* _WORK TASK_:
Pull each line containing "vscale" out of the data and copy it.

* _SUPPLIED RECORDS_:
(* Let $\triangle ABC$ be an acute triangle circumscribed about an ellipse with semi-axes $a>b>0$ whose center coincides with the circumcenter of $\triangle ABC$. Then the inradius of the orthic triangle of $\triangle ABC$ equals $\dfrac{ab}{a+b}$.
   Context: A triangle is circumscribed about a conic if each of its three sidelines is tangent to the conic. The orthic triangle of $\triangle ABC$ is the triangle $H_AH_BH_C$ whose vertices are the feet of the perpendiculars from $A,B,C$ to the lines $BC,CA,AB$, respectively. *)

From mathcomp Require Import all_boot all_order all_algebra.
Set Implicit Arguments. Unset Strict Implicit. Unset Printing Implicit Defensive.
Import Order.TTheory GRing.Theory Num.Theory.
Local Open Scope ring_scope.

Section Plane.
Variable R : realFieldType.
Definition pt := (R * R)%type.

Definition vsub (P Q : pt) : pt := (P.1 - Q.1, P.2 - Q.2).
Definition vadd (P Q : pt) : pt := (P.1 + Q.1, P.2 + Q.2).
Definition vscale (t : R) (P : pt) : pt := (t * P.1, t * P.2).
Definition dotp (u v : pt) : R := u.1 * v.1 + u.2 * v.2.
Definition crossp (u v : pt) : R := u.1 * v.2 - u.2 * v.1.
Definition sqdist (P Q : pt) : R := dotp (vsub P Q) (vsub P Q).

Definition on_line_at (P Q : pt) (t : R) : pt := vadd P (vscale t (vsub Q P)).

Definition acute (A B C : pt) : Prop :=
  0 < dotp (vsub B A) (vsub C A) /\ 0 < dotp (vsub A B) (vsub C B) /\
  0 < dotp (vsub A C) (vsub B C).

Definition circumcenter_of (O A B C : pt) : Prop :=
  sqdist O A = sqdist O B /\ sqdist O B = sqdist O C.

(* ellipse with center O, first axis direction (c,s) (unit vector),
   semi-axes a (along (c,s)) and b (along (-s,c)) *)
Definition on_ellipse (O : pt) (c s a b : R) (X : pt) : Prop :=
  let d := vsub X O in
  (dotp d (c, s)) ^+ 2 / a ^+ 2 + (dotp d (- s, c)) ^+ 2 / b ^+ 2 = 1.

Definition tangent_line (O : pt) (c s a b : R) (P Q : pt) : Prop :=
  P <> Q /\
  (exists t, on_ellipse O c s a b (on_line_at P Q t)) /\
  (forall t1 t2, on_ellipse O c s a b (on_line_at P Q t1) ->
                 on_ellipse O c s a b (on_line_at P Q t2) -> t1 = t2).

Definition foot (X P Q : pt) : pt :=
  on_line_at P Q (dotp (vsub X P) (vsub Q P) / dotp (vsub Q P) (vsub Q P)).

(* squared distance from X to line PQ is r^2 *)
Definition dist_line_eq (X P Q : pt) (r : R) : Prop :=
  (crossp (vsub Q P) (vsub X P)) ^+ 2 = r ^+ 2 * sqdist Q P.

Definition strictly_inside (X P Q S : pt) : Prop :=
  exists u v w : R, 0 < u /\ 0 < v /\ 0 < w /\ u + v + w = 1 /\
    X = vadd (vscale u P) (vadd (vscale v Q) (vscale w S)).

Definition is_inradius (r : R) (P Q S : pt) : Prop :=
  0 < r /\ exists I, strictly_inside I P Q S /\
    dist_line_eq I P Q r /\ dist_line_eq I Q S r /\ dist_line_eq I S P r.
End Plane.

(* The tangency of the line through P with direction d to the ellipse is the equation
   cross(P - O, d)^2 = K(d) for a quadratic form K with trace a^2 + b^2 and
   determinant a^2 b^2 (the dual conic).  On the three sides of the triangle the left
   hand sides are also the values of a quadratic form N built from the vertices and the
   circumcenter O alone; two binary quadratic forms that agree on three pairwise
   independent vectors coincide, so K = N.  The invariants of N give
   a^2 + b^2 = (R^2 + OH^2) / 2 and a^2 b^2 = rho^2 with rho = (R^2 - OH^2) / 4 > 0
   for an acute triangle, hence a b = rho and (a + b)^2 = R^2.  Finally the
   orthocenter H is the incenter of the orthic triangle, at distance rho / R from its
   sides. *)

From mathcomp Require Import all_boot all_order all_algebra ring lra.
Set Implicit Arguments. Unset Strict Implicit. Unset Printing Implicit Defensive.
Import Order.TTheory GRing.Theory Num.Theory.
Local Open Scope ring_scope.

* _EXERCISE OUTPUT_:
Definition vscale (t : R) (P : pt) : pt := (t * P.1, t * P.2).
Definition on_line_at (P Q : pt) (t : R) : pt := vadd P (vscale t (vsub Q P)).
    X = vadd (vscale u P) (vadd (vscale v Q) (vscale w S)).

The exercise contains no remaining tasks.